Contrast that with what William would have done at the same age: he would have gobbled up every morsel of cheese as fast as he possibly could, then gestured wildly for more. Then he would have snarfed up the second helping of cheese and looked around for even more.
I know. It's taken me this long for the light bulb to finally flicker on. Hey, wow, they really ARE different!
Andrew seems to be a pickier eater than William, but he also seems to eat less food in general, even the food that he really likes.

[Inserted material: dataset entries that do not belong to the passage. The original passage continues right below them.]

Lemma Zp_intr_eq0 d (c : int) : (1 < d)%N -> (c%:~R : 'Z_d) = 0 -> (d %| c)%Z.
Proof.
move=> d_gt1; have natr_eq0 k : (k%:R : 'Z_d) = 0 -> (d %| k)%N.
  by move/(congr1 (@nat_of_ord _)); rewrite val_Zp_nat // => /eqP.
case: c => k; first by rewrite -pmulrn => /natr_eq0.
by move=> h; apply: natr_eq0; apply/eqP; rewrite -oppr_eq0 pmulrn -intrN -NegzE h.
Qed.

Lemma Zp_intr_inj d (a b : int) : (1 < d)%N ->
  (a%:~R : 'Z_d) = b%:~R -> (a = b %[mod d])%Z.
Proof.
move=> d_gt1 eq_ab; apply/eqP; rewrite eqz_mod_dvd.
by apply: Zp_intr_eq0 => //; rewrite intrB eq_ab subrr.
Qed.

(* The truncation with n.+1 factors is exact well beyond degree n. *)
Lemma ltn_pow3 n : (n < 3 ^ n.+2)%N.
Proof.
apply: leq_trans (ltn_expl n (isT : (1 < 3)%N)) _.
by rewrite leq_exp2l // ltnW.
Qed.

Theorem theorem7p2 (n : nat) :
  ((motzkin_z2 n)%:Z = (rhs_z2 n.+1)`_n %[mod 27])%Z.
Proof.
set phi := psi3 'Z_27 n.+1.
have char27 : 27%:R = 0 :> 'Z_27 by apply: pchar_Zp.
have GE : map_poly intr (rhs_z2 n.+1) = rhs_form 'X phi.
  by rewrite rhs_z2E rmorph_rhs_form /= map_polyX map_psi3.
have [s /rhs_form_quad_mod27 hQ] := psi3_frobenius 'Z_27 n.+1.
have [|H hH] := hQ; first by rewrite -polyC_natr char27.
have hG : vanishes_below (3 ^ n.+2)
            ((1 + 'X) ^+ 15 * phi ^+ 3 * mquad 'X (rhs_form 'X phi)).
  by rewrite hH -mulrA; apply: vanishes_below_Xn.
have u0 : ((1 + 'X) ^+ 15 * phi ^+ 3)`_0 \is a GRing.unit.
  by rewrite cert_weight_coef0; exact: unitr1.
have G0 : (rhs_form 'X phi)`_0 = 0 by rewrite rhs_form_coef0 char27.
have F0 : (\poly_(i < 3 ^ n.+2) (motzkin_z2 i)%:R : {poly 'Z_27})`_0 = 0.
  by rewrite coef_poly expn_gt0.
have := mquad_root_unique (@motzkin_quad _ _) hG u0 F0 G0 (ltn_pow3 n).
by rewrite -GE coef_map coef_poly ltn_pow3 /= pmulrn => /Zp_intr_inj ->.
Qed.
Lemma CV_prod1 (T : nat) (u : nat -> nat -> R) (l : nat -> R) :
  (forall s, Un_cv (fun N => u N s) (l s)) ->
  Un_cv (fun N => prod1 T (u N)) (prod1 T l).
Proof.
  intros H. induction T; simpl; [apply CV_const|apply CV_mult; auto].
Qed.

Lemma upd_eq (f : nat -> nat) (i k : nat) : upd f i k i = k.
Proof. unfold upd. rewrite Nat.eqb_refl. reflexivity. Qed.

Lemma upd_neq (f : nat -> nat) (i k s : nat) : s <> i -> upd f i k s = f s.
Proof. intros H. unfold upd. destruct (Nat.eqb_spec s i); [lia|reflexivity]. Qed.

Lemma upd_upd_other (f : nat -> nat) (i j k x s : nat) :
  s <> j -> upd (upd f j k) i x s = upd f i x s.
Proof.
  intros H. unfold upd. destruct (Nat.eqb_spec s i); [reflexivity|].
  destruct (Nat.eqb_spec s j); [lia|reflexivity].
Qed.

Lemma sumT_ext (T K : nat) (F G : (nat -> nat) -> R) :
  (forall f, F f = G f) -> sumT T K F = sumT T K G.
Proof.
  revert F G. induction T; intros F G H; simpl; [apply H|].
  apply sum_ext. intro k. apply IHT. intro f. apply H.
Qed.

Lemma sumT_scal (T K : nat) (c : R) (F : (nat -> nat) -> R) :
  sumT T K (fun f => c * F f) = c * sumT T K F.
Proof.
  revert F. induction T; intros F; simpl; [reflexivity|].
  rewrite <- sum_scal_l. apply sum_ext. intro k. apply IHT.
Qed.

Lemma sumT_sum (T K : nat) (F : nat -> (nat -> nat) -> R) (n : nat) :
  sumT T K (fun f => sum_f_R0 (fun i => F i f) n) =
  sum_f_R0 (fun i => sumT T K (F i)) n.
Proof.
  revert F. induction T; intros F; simpl; [reflexivity|].
  rewrite (sum_ext _ (fun k => sum_f_R0
             (fun i => sumT T K (fun f => F i (upd f (S T) k))) n)).
  - apply sum_swap.
  - intro k. apply (IHT (fun i f => F i (upd f (S T) k))).
Qed.

Lemma CV_sumT (T K : nat) (F : nat -> (nat -> nat) -> R) (L : (nat -> nat) -> R) :
  (forall f, Un_cv (fun N => F N f) (L f)) ->
  Un_cv (fun N => sumT T K (F N)) (sumT T K L).
Proof.
  revert F L. induction T; intros F L H; simpl; [apply H|].
  apply (CV_sum (fun N k => sumT T K (fun f => F N (upd f (S T) k)))).
  intro k. apply (IHT (fun N f => F N (upd f (S T) k))). intro f. apply H.
Qed.
Lemma zred_zones L (z : zone) c : z \in zones L -> zred z c \in zones (red_L L c).
Proof.
rewrite !in_zones /zred /red_L /zin /zout /= => /andP[z1L /eqP z2].
apply/andP; split.
- by apply/fsubsetP => x; rewrite !inE => /andP[-> /(fsubsetP z1L) ->].
- apply/eqP/fsetP => x; rewrite z2 !inE.
  by case: (x == c); case: (x \in z.1); case: (x \in L).
Qed.

Lemma red_Z_zones L Z c : Z `<=` zones L -> red_Z Z c `<=` zones (red_L L c).
Proof.
move/fsubsetP=> ZL; apply/fsubsetP => w /imfsetP [z /= zZ ->].
exact/zred_zones/ZL.
Qed.

Lemma missing_red_lift L Z c (w : zone) : c \in L ->
  w \in missing (red_L L c) (red_Z Z c) ->
  ((c |` w.1, w.2) : zone) \in missing L Z /\
  ((w.1, c |` w.2) : zone) \in missing L Z.
Proof.
case: w => w1 w2 cL; rewrite /missing /red_L !in_fsetD in_zones /=.
move=> /andP[wZ /andP[w1L /eqP w2E]].
have cw1 : c \notin w1 by apply: contraTN cL => /(fsubsetP w1L); rewrite !inE eqxx.
have cw2 : c \notin w2 by rewrite w2E !inE eqxx /= andbF.
have notinZ (z : zone) : zred z c = (w1, w2) -> z \notin Z.
  by move=> zw; apply: contra wZ => zZ; rewrite -zw; apply/imfsetP; exists z.
rewrite !in_zones /= !notinZ /zred /zin /zout /= ?fsetU1K ?mem_fsetD1 //.
have w1L' : w1 `<=` L := fsubset_trans w1L (fsubD1set _ _).
split; apply/andP; split=> //.
- by rewrite fsubUset fsub1set cL.
- by rewrite w2E fsetDDl.
- apply/eqP/fsetP => x; rewrite w2E !inE.
  by case: (eqVneq x c) => [->|]; rewrite ?cL ?(negPf cw1).
Qed.

Lemma zred_fst_eq (y z : zone) l :
  (zred y l).1 = (zred z l).1 -> y.1 = z.1 \/ y.1 = (adj z l).1.
Proof.
move=> /fsetP yz; have {}yz x : x != l -> (x \in y.1) = (x \in z.1).
  by move=> xl; move: (yz x); rewrite !inE xl.
rewrite /adj /zin; case lz: (l \in z.1); case ly: (l \in y.1); [left|right|right|left];
  apply/fsetP => x; rewrite /= ?inE;
  by case: (eqVneq x l) => [->|xl]; rewrite ?lz ?ly ?eqxx ?(negPf xl) ?yz.
Qed.

Lemma missing_red_adj L Z (z : zone) l : Z `<=` zones L ->
  z \in missing L Z -> adj z l \in missing L Z ->
  zred z l \in missing (red_L L l) (red_Z Z l).
Proof.
move=> ZL; rewrite /missing !in_fsetD => /andP[zZ zL] /andP[aZ aL].
rewrite zred_zones // andbT; apply/imfsetP => -[y /= yZ /(congr1 fst)/esym].
have yL := fsubsetP ZL y yZ.
by case/zred_fst_eq=> [/(zones_fst_inj yL zL)|/(zones_fst_inj yL aL)] yE;
  [move: zZ | move: aZ]; rewrite -yE yZ.
Qed.

Local Open Scope order_scope.

Section BigLattice.
Context {disp : Order.disp_t} {H : tbDistrLatticeType disp}.

Lemma le_meets_seq (T : eqType) (A B : list T) (F : T -> H) :
  {subset A <= B} -> \meet_(x <- B) F x <= \meet_(x <- A) F x.
Proof. by move=> AB; apply/meetsP_seq => x /AB xB _; exact: meets_inf_seq. Qed.

Lemma le_joins_seq (T : eqType) (A B : list T) (F : T -> H) :
  {subset A <= B} -> \join_(x <- A) F x <= \join_(x <- B) F x.
Proof. by move=> AB; apply/joinsP_seq => x /AB xB _; exact: joins_sup_seq. Qed.

Lemma meets_fsetU (K : choiceType) (A B : {fset K}) (F : K -> H) :
  \meet_(x <- (A `|` B)%fset) F x = \meet_(x <- A) F x `&` \meet_(x <- B) F x.
Proof.
apply/le_anti/andP; split.
  by rewrite lexI !le_meets_seq // => x xA; rewrite in_fsetU xA ?orbT.
apply/meetsP_seq => x; rewrite in_fsetU => /orP[] xAB _;
  [apply: leIxl | apply: leIxr]; exact: meets_inf_seq.
Qed.

Lemma joins_fsetU (K : choiceType) (A B : {fset K}) (F : K -> H) :
  \join_(x <- (A `|` B)%fset) F x = \join_(x <- A) F x `|` \join_(x <- B) F x.
Proof.
apply/le_anti/andP; split; last first.
  by rewrite leUx !le_joins_seq // => x xA; rewrite in_fsetU xA ?orbT.
apply/joinsP_seq => x; rewrite in_fsetU => /orP[] xAB _;
  [apply: lexUl | apply: lexUr]; exact: joins_sup_seq.
Qed.

Lemma meets_joinr T (s : list T) (F : T -> H) (d : H) :
  \meet_(x <- s) (F x `|` d) = \meet_(x <- s) F x `|` d.
Proof. by elim: s => [|a s IH]; rewrite ?big_nil ?join1x // !big_cons IH joinIl. Qed.

End BigLattice.

Section Heyting.
Context {disp : Order.disp_t} {H : tbDistrLatticeType disp}.
Variables (imp : H -> H -> H) (impP : heyting_imp imp).

Lemma meet_imp_le a b : a `&` imp a b <= b.
Proof. by rewrite meetC impP. Qed.

Lemma le_imp a a' b b' : a' <= a -> b <= b' -> imp a b <= imp a' b'.
Proof.
move=> a'a bb'; rewrite -impP (le_trans _ bb') // (le_trans _ (meet_imp_le a b)) //.
by rewrite meetC leI2.
Qed.

Lemma imp_case_split a b x : imp (a `&` x) b `&` imp a (x `|` b) <= imp a b.
Proof.
rewrite -impP; set s := _ `&` a.
have sxb : s <= x `|` b.
  by rewrite (le_trans _ (meet_imp_le a _)) // lexI leIr leIxl ?leIr.
have sxb' : s `&` x <= b.
  apply: le_trans (meet_imp_le (a `&` x) b); rewrite lexI leI2 ?leIr //=.
  exact/leIxl/leIxl/leIxl.
by rewrite -(meet_idPl sxb) meetUr leUx sxb' leIr.
Qed.

End Heyting.

Section Semantics.
Context {disp : Order.disp_t} {H : tbDistrLatticeType disp}.
Variables (imp : H -> H -> H) (impP : heyting_imp imp) (v : var -> H).
Local Notation S := (sem imp v).

Lemma sem_venn1 L z : sem_venn imp v L [fset z] = zone_val imp v z.
Proof. exact: big_seq_fset1. Qed.

Lemma sem_euler1 L Z z :
  missing L Z = [fset z] -> sem_euler imp v L Z = zone_imp imp v z.
Proof. by rewrite /sem_euler => ->; rewrite big_seq_fset1. Qed.

Lemma sem_PosL c : S (PosL c) = v c.
Proof.
by rewrite /= sem_venn1 /zone_val /= big_seq_fset1 big_seq_fset0 meetx1.
Qed.

Lemma sem_NegL c : S (NegL c) = hneg imp (v c).
Proof.
by rewrite /= sem_venn1 /zone_val /= big_seq_fset1 big_seq_fset0 meet1x.
Qed.

Lemma sem_VBot : S VBot = \bot.
Proof. exact: big_seq_fset0. Qed.

Lemma sem_VTop : S VTop = \top.
Proof. by rewrite /= sem_venn1 /zone_val /= !big_seq_fset0 meetxx. Qed.

Lemma meets_PosL s : \meet_(A <- [seq PosL n | n <- s]) S A = \meet_(n <- s) v n.
Proof. by rewrite big_map; apply: eq_bigr => n _; exact: sem_PosL. Qed.

Lemma joins_PosL s : \join_(A <- [seq PosL n | n <- s]) S A = \join_(n <- s) v n.
Proof. by rewrite big_map; apply: eq_bigr => n _; exact: sem_PosL. Qed.

Lemma meets_NegL s :
  \meet_(A <- [seq NegL n | n <- s]) S A = \meet_(n <- s) hneg imp (v n).
Proof. by rewrite big_map; apply: eq_bigr => n _; exact: sem_NegL. Qed.

Lemma sem_vennU L Sh1 Sh2 :
  sem_venn imp v L (Sh1 `|` Sh2)%fset = sem_venn imp v L Sh1 `|` sem_venn imp v L Sh2.
Proof. exact: joins_fsetU. Qed.
Lemma next3_neq (T : eqType) (s : seq T) x :
  uniq s -> 4 <= size s -> x \in s -> next s (next s (next s x)) != x.
Proof.
move=> us ss xs; case: (rot_to xs) => i t ht.
have us' : uniq (rot i s) by rewrite rot_uniq.
rewrite -!(next_rot i us) ht.
have : 4 <= size (rot i s) by rewrite size_rot.
rewrite ht in us' *.
case: t {ht} us' => [|y1 [|y2 [|y3 t']]] //= us' _.
move: us'; rewrite !inE !negb_or => /andP[/and3P[n1 n2 /andP[n3 _]] /andP[/andP[m1 _] _]].
by rewrite eqxx [y1 == x]eq_sym (negbTE n1) eqxx [y2 == x]eq_sym (negbTE n2)
  [y2 == y1]eq_sym (negbTE m1) eqxx eq_sym.
Qed.

Lemma dicycle_chord_shorter (T : finType) (e : rel T) s x y :
  (forall z, ~~ e z z) -> dicycle e s -> x \in s -> y \in s -> e x y ->
  y != next s x ->
  exists s', [/\ dicycle e s', {subset s' <= s} & size s' < size s].
Proof.
move=> irr [ne [us cs]] xs ys exy nxy.
case: (rot_to ys) => i t ht.
have us' : uniq (rot i s) by rewrite rot_uniq.
have cs' : cycle e (rot i s) by rewrite rot_cycle.
have sz : size s = size (y :: t) by rewrite -ht size_rot.
have sub : {subset y :: t <= s} by move=> z; rewrite -ht mem_rot.
rewrite -(next_rot i us) ht in nxy.
rewrite ht in us' cs'.
have xy : x != y by apply: contraNneq (irr x) => hxy; rewrite {2}hxy.
have xt : x \in t by move: (xs); rewrite -(mem_rot i) ht inE (negbTE xy).
case/splitPr: xt us' cs' nxy sz sub => t1 t2 us' cs' nxy sz sub.
exists (y :: rcons t1 x); split.
- split=> //; split.
  + move: us'; rewrite /= -cats1 !mem_cat !cat_uniq /= !inE !negb_or.
    by case/and5P=> /and3P[-> -> _] -> /andP[-> _] _ _.
  + move: cs'; rewrite /= rcons_cat cat_path rcons_path /=.
    by rewrite !rcons_path last_rcons => /and3P[-> /andP[-> _] _].
- move=> z; rewrite /= inE mem_rcons inE => hz; apply: sub.
  by rewrite inE mem_cat inE; case/orP: hz => [->|/orP[->|->]]; rewrite ?orbT.
- case: t2 nxy sz us' {cs' sub} => [|z t2] nxy sz us'; last first.
    by rewrite sz /= size_rcons size_cat /=; lia.
  exfalso; move: nxy; rewrite next_nth.
  have xin : x \in y :: t1 ++ [:: x] by rewrite inE mem_cat inE eqxx !orbT.
  rewrite xin /= [y == x]eq_sym (negbTE xy) index_cat.
  have -> : (x \in t1) = false.
    by move: us'; rewrite /= cat_uniq /= => /and3P[_ _ /andP[/norP[/negbTE -> _] _]].
  by rewrite /= eqxx addn0 nth_default ?eqxx // size_cat /= addn1.
Qed.

Lemma dicycle_chordless_sub (T : finType) (e : rel T) s :
  (forall z, ~~ e z z) -> dicycle e s ->
  exists s', [/\ dicycle e s', chordless e s' & {subset s' <= s}].
Proof.
move=> irr; elim: {s}(size s).+1 {-2}s (ltnSn (size s)) => [//|N IH] s hN ds.
case: (boolP (has (fun x => has (fun y => e x y && (y != next s x)) s) s)).
  case/hasP=> x xs /hasP[y ys /andP[exy nxy]].
  have [s' [ds' ss' sz']] := dicycle_chord_shorter irr ds xs ys exy nxy.
  have [s'' [ds'' cs'' ss'']] := IH s' (leq_trans sz' hN) ds'.
  by exists s''; split=> // z /ss'' /ss'.
move/hasPn=> hn; exists s; split=> // x y xs ys exy.
by move/hasPn: (hn x xs) => /(_ y ys); rewrite exy negbK => /eqP.
Qed.

Lemma cycle_crossing_arc (T : eqType) (e : rel T) (P : pred T) s :
  cycle e s -> has P s -> has (predC P) s ->
  exists x y, [/\ x \in s, y \in s, P x, ~~ P y & e x y].
Proof.
move=> cs /hasP[a a_s Pa] /hasP[b b_s nPb].
have [i t ht] := rot_to a_s.
have mem_s z : z \in a :: rcons t a -> z \in s.
  by rewrite -(mem_rot i s) ht !in_cons mem_rcons in_cons orbA orbb.
have pt : path e a (rcons t a) by rewrite -(rot_cycle i) ht in cs.
have bt : has (predC P) (rcons t a).
  by apply/hasP; exists b; rewrite // mem_rcons; move: b_s; rewrite -(mem_rot i) ht.
have [x [y [xs ys Px nPy exy]]] := path_crossing_arc pt Pa bt.
by exists x, y; rewrite !mem_s.
Qed.

Lemma is_copy_chordless_dicycle (V W : finType) (eG : rel V) (eH : rel W) (g : V -> W) s :
  is_copy eG eH g -> dicycle eH (map g s) -> chordless eH (map g s) ->
  dicycle eG s /\ chordless eG s.
Proof.
move=> [ig hg] [ne [us cs]] ch.
have us0 : uniq s by rewrite -(map_inj_uniq ig).
split; last first.
  move=> x y xs ys exy; apply: (ig); rewrite -(next_map ig us0).
  by apply: ch; rewrite ?mem_map ?hg.
split; first by case: s ne {us cs ch us0}.
split=> //; have -> : cycle eG s = cycle (relpre g eH) s.
  by apply: eq_cycle => x y; rewrite /= hg.
by rewrite -cycle_map.
Qed.

Lemma C3_chordless_dicycle_size3 (V : finType) (e : rel V) s :
  in_C3 e -> dicycle e s -> chordless e s -> size s = 3.
Proof.
move=> [[irr asym] [_ noLC]] ds cs.
case: (leqP 4 (size s)) => [s4|]; first by case: noLC; exists s.
case: ds => ne [_ cyc]; move: ne cyc.
case: s {cs} => [|a [|b [|c [|d t]]]] //= _.
- by rewrite (negbTE (irr a)).
- by case/and3P=> ab ba _; move: (asym a b); rewrite ab ba.
Qed.

Lemma C3_acyclic_on_bipartite (V : finType) (e : rel V) (A : {set V}) (f : V -> bool) :
  in_C3 e -> {in A &, forall x y, e x y -> f x != f y} -> acyclic_on e A.
Proof.
move=> C3 hf s sA ds.
have [irr _] := C3.1.
have [s' [ds' cs' ss']] := dicycle_chordless_sub irr ds.
have := C3_chordless_dicycle_size3 C3 ds' cs'.
have fs : {in s' &, forall x y, e x y -> f x != f y}.
  by move=> x y /ss' /sA xA /ss' /sA yA; apply: hf.
case: ds' fs => _ [_]; case: s' {cs' ss'} => [|a [|b [|c [|d t]]]] //=.
move=> /and4P[ab bc ca _] fs _.
have := fs a b; have := fs b c; have := fs c a.
rewrite !inE !eqxx !orbT ab bc ca.
by case: (f a); case: (f b); case: (f c) => /(_ isT isT isT) + /(_ isT isT isT) + /(_ isT isT isT).
Qed.

Lemma C3_proper_colouring_dicolourable (V : finType) (e : rel V) k (c : V -> 'I_k.+2) :
  in_C3 e -> (forall x y, e x y -> c x != c y) -> dicolourable e k.+1.
Proof.
move=> C3 hc.
pose c' x := odflt ord0 (unlift ord_max (c x)).
exists c' => a; apply: (C3_acyclic_on_bipartite (f := fun x => c x == ord_max) C3).
move=> x y; rewrite !inE /c' => /eqP cx /eqP cy exy.
apply: contra (hc x y exy) => /eqP fxy; apply/eqP.
case: (unliftP ord_max (c x)) cx => [bx ecx|ecx] /= cx;
  case: (unliftP ord_max (c y)) cy => [b2 ecy|ecy] /= cy.
- by rewrite ecx ecy cx cy.
- by move: fxy; rewrite ecx ecy eqxx eq_sym (negbTE (neq_lift _ _)).
- by move: fxy; rewrite ecx ecy eqxx eq_sym (negbTE (neq_lift _ _)).
- by rewrite ecx ecy.
Qed.

Lemma C3_dichromatic_proper_colouring_arcless (V : finType) (e : rel V) k (c : V -> 'I_k) :
  in_C3 e -> dichromatic_eq e k -> (forall x y, e x y -> c x != c y) ->
  forall x y, ~~ e x y.
Proof.
move=> C3 [_ kmin] hc x y; apply/negP => exy.
case: k c kmin hc => [|[|k]] c kmin hc.
- by case: (c x).
- by move: (hc x y exy); rewrite (ord1 (c x)) (ord1 (c y)) eqxx.
- by have := kmin _ (C3_proper_colouring_dicolourable C3 hc); rewrite ltnn.
Qed.

Lemma narcs_double_le (V : finType) (e : rel V) :
  digraph e -> 2 * narcs e <= #|V| * #|V|.
Proof.
move=> [_ asym]; set A := [set p : V * V | e p.1 p.2].
pose sw (p : V * V) := (p.2, p.1).
have sw_inj : injective sw by move=> [? ?] [? ?] [-> ->].
have dis : A :&: sw @: A = set0.
  apply/setP => -[x y]; rewrite !inE /=; apply/negP.
  move=> /andP[xy /imsetP[[p q] + [ex ey]]]; rewrite inE /= -ex -ey => yx.
  by move: (asym x y); rewrite xy yx.
have := max_card (A :|: sw @: A).
by rewrite cardsU dis cards0 subn0 card_imset // card_prod mul2n -addnn.
Qed.

Section Gadget.
Variables (V : finType) (e : rel V) (I : {set V}).
Let m := narcs e.

Definition arc_of (j : 'I_m) : V * V :=
  @enum_val _ (mem [set p : V * V | e p.1 p.2]) j.

Lemma arc_ofP j : e (arc_of j).1 (arc_of j).2.
Proof. by have := enum_valP j; rewrite inE. Qed.

Lemma arc_of_onto u v : e u v -> exists j, arc_of j = (u, v).
Proof.
move=> euv; have Auv : (u, v) \in [set p : V * V | e p.1 p.2] by rewrite inE.
by exists (enum_rank_in Auv (u, v)); rewrite /arc_of enum_rankK_in.
Qed.

(* (x, None) is x in the central copy, (x, Some j) is x in the copy G_j; for
   the j-th arc u -> v of the central copy, v dominates I_j and I_j dominates u. *)
Definition gadget : rel (V * option 'I_m) := fun p q =>
  match p.2, q.2 with
  | None, None => e p.1 q.1
  | Some i, Some j => (i == j) && e p.1 q.1
  | None, Some j => (q.1 \in I) && (p.1 == (arc_of j).2)
  | Some i, None => (p.1 \in I) && (q.1 == (arc_of i).1)
  end.

Lemma gadget_part p x y : gadget (x, p) (y, p) = e x y.
Proof. by case: p => [i|]; rewrite /gadget /= ?eqxx. Qed.

Lemma gadget_copy p : is_copy e gadget (fun x => (x, p)).
Proof. by split; [move=> x y [] | exact: gadget_part]. Qed.

Lemma gadget_cross_part x y i j : i != j -> ~~ gadget (x, Some i) (y, Some j).
Proof. by rewrite /gadget /= => /negbTE ->. Qed.

Lemma narcs_gadget : narcs gadget <= m * (m + 1) + m * (#|V| * 2).
Proof.
rewrite {1}/narcs; set A := [set p : V * V | e p.1 p.2].
pose inside (z : (V * V) * option 'I_m) := ((z.1.1, z.2), (z.1.2, z.2)).
pose attach (z : 'I_m * V * bool) :=
  if z.2 then (((arc_of z.1.1).2, None), (z.1.2, Some z.1.1))
  else ((z.1.2, Some z.1.1), ((arc_of z.1.1).1, None)).
set X := inside @: setX A [set: option 'I_m].
set Y := attach @: [set: 'I_m * V * bool].
have sub : [set p | gadget p.1 p.2] \subset X :|: Y.
  apply/subsetP => -[[a p] [b q]]; rewrite !inE /gadget /=.
  case: p q => [i|] [j|] /=.
  - case/andP=> /eqP <- ab; apply/orP; left; apply/imsetP.
    by exists ((a, b), Some i); rewrite // !inE /= ab.
  - case/andP=> aI /eqP ->; apply/orP; right; apply/imsetP.
    by exists (i, a, false).
  - case/andP=> bI /eqP ->; apply/orP; right; apply/imsetP.
    by exists (j, b, true).
  - move=> ab; apply/orP; left; apply/imsetP.
    by exists ((a, b), None); rewrite // !inE /= ab.
apply: leq_trans (subset_leq_card sub) _.
apply: leq_trans (leq_card_setU X Y) _; apply: leq_add.
  rewrite card_imset; last by move=> [[? ?] ?] [[? ?] ?] [-> -> ->].
  by rewrite cardsX cardsT card_option card_ord addn1.
apply: leq_trans (leq_imset_card _ _) _.
by rewrite cardsT !card_prod card_bool card_ord mulnA.
Qed.

Hypothesis eC3 : in_C3 e.
Hypothesis indI : independent e I.

Let irr x : ~~ e x x.
Proof. by case: eC3 => [[]]. Qed.

Let asym x y : e x y -> e y x -> False.
Proof. by case: eC3 => [[_ h] _] xy yx; move: (h x y); rewrite xy yx. Qed.

Lemma gadget_digraph : digraph gadget.
Proof.
split; first by case=> a p; rewrite gadget_part irr.
case=> a [i|] [b [j|]]; rewrite /gadget /=; apply/negP.
- by case/andP=> /andP[_ h1] /andP[_ h2]; apply: (asym h1 h2).
- case/andP=> /andP[_ /eqP h1] /andP[_ /eqP h2].
  by move: (arc_ofP i); rewrite -h1 -h2 (negbTE (irr b)).
- case/andP=> /andP[_ /eqP h1] /andP[_ /eqP h2].
  by move: (arc_ofP j); rewrite -h1 -h2 (negbTE (irr a)).
- by case/andP=> h1 h2; apply: (asym h1 h2).
Qed.

Lemma gadget_noTT3 : ~ has_TT3 gadget.
Proof.
have [_ [noTT _]] := eC3.
move=> [[a p] [[b q] [[c r] []]]]; rewrite /gadget.
case: p q r => [i|] [j|] [k|] /=.
- case/andP=> /eqP <- ab /andP[/eqP <- bc] /andP[_ ac].
  by apply: noTT; exists a, b, c.
- by case/andP=> _ ab /andP[bI _] /andP[aI _]; move: (indI aI bI); rewrite ab.
- by case/andP=> aI _ /andP[cI _] /andP[_ ac]; move: (indI aI cI); rewrite ac.
- case/andP=> _ /eqP bu bc /andP[_ /eqP cu].
  by move: bc; rewrite bu cu (negbTE (irr _)).
- by case/andP=> bI _ /andP[_ bc] /andP[cI _]; move: (indI bI cI); rewrite bc.
- case/andP=> _ /eqP av /andP[_ /eqP cu] ac.
  by apply: (asym (arc_ofP j)); rewrite -av -cu.
- move=> ab /andP[_ /eqP bv] /andP[_ /eqP av].
  by move: ab; rewrite av bv (negbTE (irr _)).
- by move=> ab bc ac; apply: noTT; exists a, b, c.
Qed.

Of course, I wouldn't say that Andrew is a picky eater, per se, at least not yet. He'll eat any and all baby food, from the green beans to the prunes to the meats. He loves his crackers, his Cheerios, toast, chicken sticks, bananas, bits of sweet potato and yogurt. He loves to hold a Ritz cracker with both hands and nibble it up, like a little mouse. And while he didn't care for avocado chunks, he was more than happy to eat mushed-up avocado on a spoon. He even gobbled up some smushed peas from my plate at dinner, picking them out from between pieces of canned peaches.
Speaking of canned peaches, he's admittedly lukewarm at best on canned fruit. But I'm wondering if that's a texture issue more than anything. David pointed out, quite correctly, that canned fruit can be a little slimy--or at least extremely slippery. When the weather warms up, and the seasonal fruit improves, I wonder if he might discover he really likes pluots, strawberries, and watermelon.
I guess I've just gotten spoiled by William. William ate with gusto from the time he started eating, and he's never looked back. He eats supreme-style pizza, with the onions, green peppers, pepperoni, sausage, and olives. He adores sugar snap peas, green beans, and broccoli. He's never met a fruit he didn't like. Of course he loves all cookies, cake and ice cream, even the more unusual flavors like pumpkin. He's very easy to please, in fact, when it comes to food. He can nearly always find something the he likes, and he tends to enjoy the vast majority of what he eats. Pretty much he'll eat anything except for lettuce. And who's going to insist that a four-year-old eat lettuce?
So William may be the outlier. And Andrew's more likely to be a typical kid, when it comes to food. He may not be as picky as his Uncle John, who up and decided out of the blue that he didn't like cheese when he was three years old and has not voluntarily eaten cheese in the 30 subsequent years. But he may not be a human garbage disposal like his big brother.